Display Manager is what you log in with. You don’t need one for a minimal install, but you absolutely can have one. LightDM is always a good choice in that case…

tail -n5 .zprofile
[ ! -f ${XDG_CONFIG_HOME:-$HOME/.config}/shortcutrc ] && shortcuts > /dev/null 2>&1 &

[ "$(tty)" = "/dev/tty1" ] && ! ps -e | grep -qw Xorg && exec startx

You use the standard console login. ZSH is my shell, so .zprofile gets executed on login. This oneliner checks if I’m logging into TTY1 and if so, it starts x. and in ~/.xinitrc, you simply place exec i3 to get i3 up and running.

2 Likes

I managed to break Manjaro i3 install. It probably wasn’t anything huge, but I just couldn’t update the system. Just didn’t have the time or energy to start digging around so instead I installed Ubuntu back, and rolled with AwesomeWM, which is what I’m currently using.

But I did like Manjaro overall, I just wasn’t sure if rolling release is for me after all.

I might just go and try regular Arch next.

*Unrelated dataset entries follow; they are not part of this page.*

Lemma Delta_c_le_of_moduli {X I : Type} (d : X -> X -> R) (f : X -> I -> R) (A B : R) :
  1 <= A -> 0 <= B -> (forall x, in_c0 (f x)) -> has_moduli d f A B ->
  forall R0, 0 <= R0 -> Rbar_le (Delta_c d R0) (6 * A * A * R0 + 7 * A * B).
Proof.
  intros HA HB Hc0 Hf R0 HR0. apply Rbar_le_of_forall_pos. intros e He.
  (* the slack e keeps L > 0 also when A R0 + B = 0 *)
  set (L := A * R0 + B + e / (6 * A)).
  assert (HeA : 0 < e / (6 * A)) by (apply Rdiv_lt_0_compat; lra).
  apply (Delta_c_le_of_map d f R0 L); auto.
  - unfold L. nra.
  - intros x y i Hxy.
    assert (H : Rbar_le (Rabs (f x i - f y i)) (A * R0 + B)).
    { eapply Rbar_le_trans; [apply Rabs_sub_le_c0_dist|].
      eapply Rbar_le_trans; [|apply (proj1 (Hf R0))].
      apply Rbar_lub_ub. exists x, y. split; [lra|reflexivity]. }
    simpl in H. unfold L. lra.
  - intros x y Hxy.
    assert (H : Rbar_le (d x y / A - B) (6 * L)).
    { eapply Rbar_le_trans; [apply (proj2 (Hf (d x y)))|].
      eapply Rbar_le_trans; [apply Rbar_glb_lb; exists x, y; split; [lra|reflexivity]|].
      apply c0_dist_le; auto. unfold L. nra. }
    simpl in H. unfold L in H.
    assert (Hdxy : d x y = A * (d x y / A)) by (field; lra).
    assert (He6 : 6 * A * (e / (6 * A)) = e) by (field; lra).
    nra.
Qed.

Definition dyadic (n : Z) : R := Rpower 2 (IZR n).

Lemma dyadic_pos (n : Z) : 0 < dyadic n.
Proof. apply exp_pos. Qed.

Lemma ln_dyadic (n : Z) : ln (dyadic n) = IZR n * ln 2.
Proof. apply ln_Rpower. Qed.

Lemma ln2_pos : 0 < ln 2.
Proof. rewrite <- ln_1. apply ln_increasing; lra. Qed.

Lemma dyadic_bracket (u : R) : 0 < u -> exists n, dyadic n <= u < 2 * dyadic n.
Proof.
  intros Hu. set (q := ln u / ln 2).
  assert (Hq : Rpower 2 q = u).
  { unfold Rpower, q.
    replace (ln u / ln 2 * ln 2) with (ln u) by (field; apply Rgt_not_eq, ln2_pos).
    apply exp_ln, Hu. }
  destruct (base_Int_part q) as [H1 H2]. exists (Int_part q). split.
  - rewrite <- Hq. apply Rle_Rpower; lra.
  - rewrite <- Hq. unfold dyadic. rewrite <- (Rpower_1 2) at 2 by lra.
    rewrite <- Rpower_plus. apply Rpower_lt; lra.
Qed.

Lemma dyadic_window_finite (a b : R) : 0 < a ->
  exists s : list Z, forall n, a < dyadic n -> dyadic n < b -> In n s.
Proof.
  intros Ha. destruct (Z_between_finite (ln a / ln 2) (ln b / ln 2)) as [s Hs].
  exists s. intros n Han Hnb. pose proof ln2_pos. pose proof (dyadic_pos n).
  apply Hs. split.
  - apply Rle_div_l; [lra|]. rewrite <- ln_dyadic. left. apply ln_increasing; lra.
  - apply Rle_div_r; [lra|]. rewrite <- ln_dyadic. left. apply ln_increasing; lra.
Qed.

Lemma Rabs_sub_Rmin_Rmax0_le (a a' b b' e : R) :
  Rabs (a - a') <= e -> Rabs (b - b') <= e ->
  Rabs (Rmin a (Rmax 0 b) - Rmin a' (Rmax 0 b')) <= e.
Proof.
  intros Ha Hb. apply Rabs_le_between in Ha, Hb.
  unfold Rmin, Rmax. repeat destruct Rle_dec; apply Rabs_le; lra.
Qed.

Section MetricSpace.

Variables (X : Type) (d : X -> X -> R).
Hypothesis Hd : is_metric d.

Lemma metric_ge0 x y : 0 <= d x y.
Proof. apply Hd. Qed.

Lemma metric_self x : d x x = 0.
Proof. apply Hd. reflexivity. Qed.

Lemma metric_sym x y : d x y = d y x.
Proof. apply Hd. Qed.

Lemma metric_triangle x y z : d x z <= d x y + d y z.
Proof. apply Hd. Qed.

Lemma lebesgue_ball (U : (X -> Prop) -> Prop) (R0 : R) :
  0 < R0 -> Rbar_le R0 (lebesgue d U) ->
  forall x, exists V, U V /\ forall z, d x z < R0 / 4 -> V z.
Proof.
  intros HR0 Hleb x.
  destruct (classic (exists r, R0 / 2 < r /\ forall E, Rbar_lt (diam d E) r ->
                       exists V, U V /\ forall z, E z -> V z)) as [(r & Hr & HE)|Hno].
  - destruct (HE (fun z => d x z < R0 / 4)) as (V & HV & HEV); eauto.
    eapply Rbar_le_lt_trans; [apply (diam_le d _ (R0 / 2))|simpl; lra].
    intros z w Hz Hw. pose proof (metric_triangle z x w). rewrite (metric_sym z x) in *. lra.
  - exfalso. assert (H : Rbar_le (lebesgue d U) (R0 / 2)).
    { apply Rbar_lub_le. intros s (r & -> & _ & Hr). simpl.
      apply Rnot_lt_le. intros Hlt. apply Hno. eauto. }
    pose proof (Rbar_le_trans _ _ _ Hleb H). simpl in *. lra.
Qed.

You will need a display manager, aka login manager. Something like LightDM, SDDM, etc.

1 Like

No you don’t. :troll:

.${SHELL:1:1}profile scripts are plenty.

2 Likes

So. This is how you learn. If you run into package conflicts on Arch like that, it’s 99.9% of the time a situation where there’s a PSA about manual intervention needed.

Pacman is a very simple package manager and so it doesn’t have the “migration” type features Apt or Yum have.

That’s why I’ve got Arch’s news/updates RSS feed in newsboat. If I run into a problem, the first thing I do is check there.

1 Like

Nerd

/s

Legit didn’t know you can do it that way too. Have to look into that.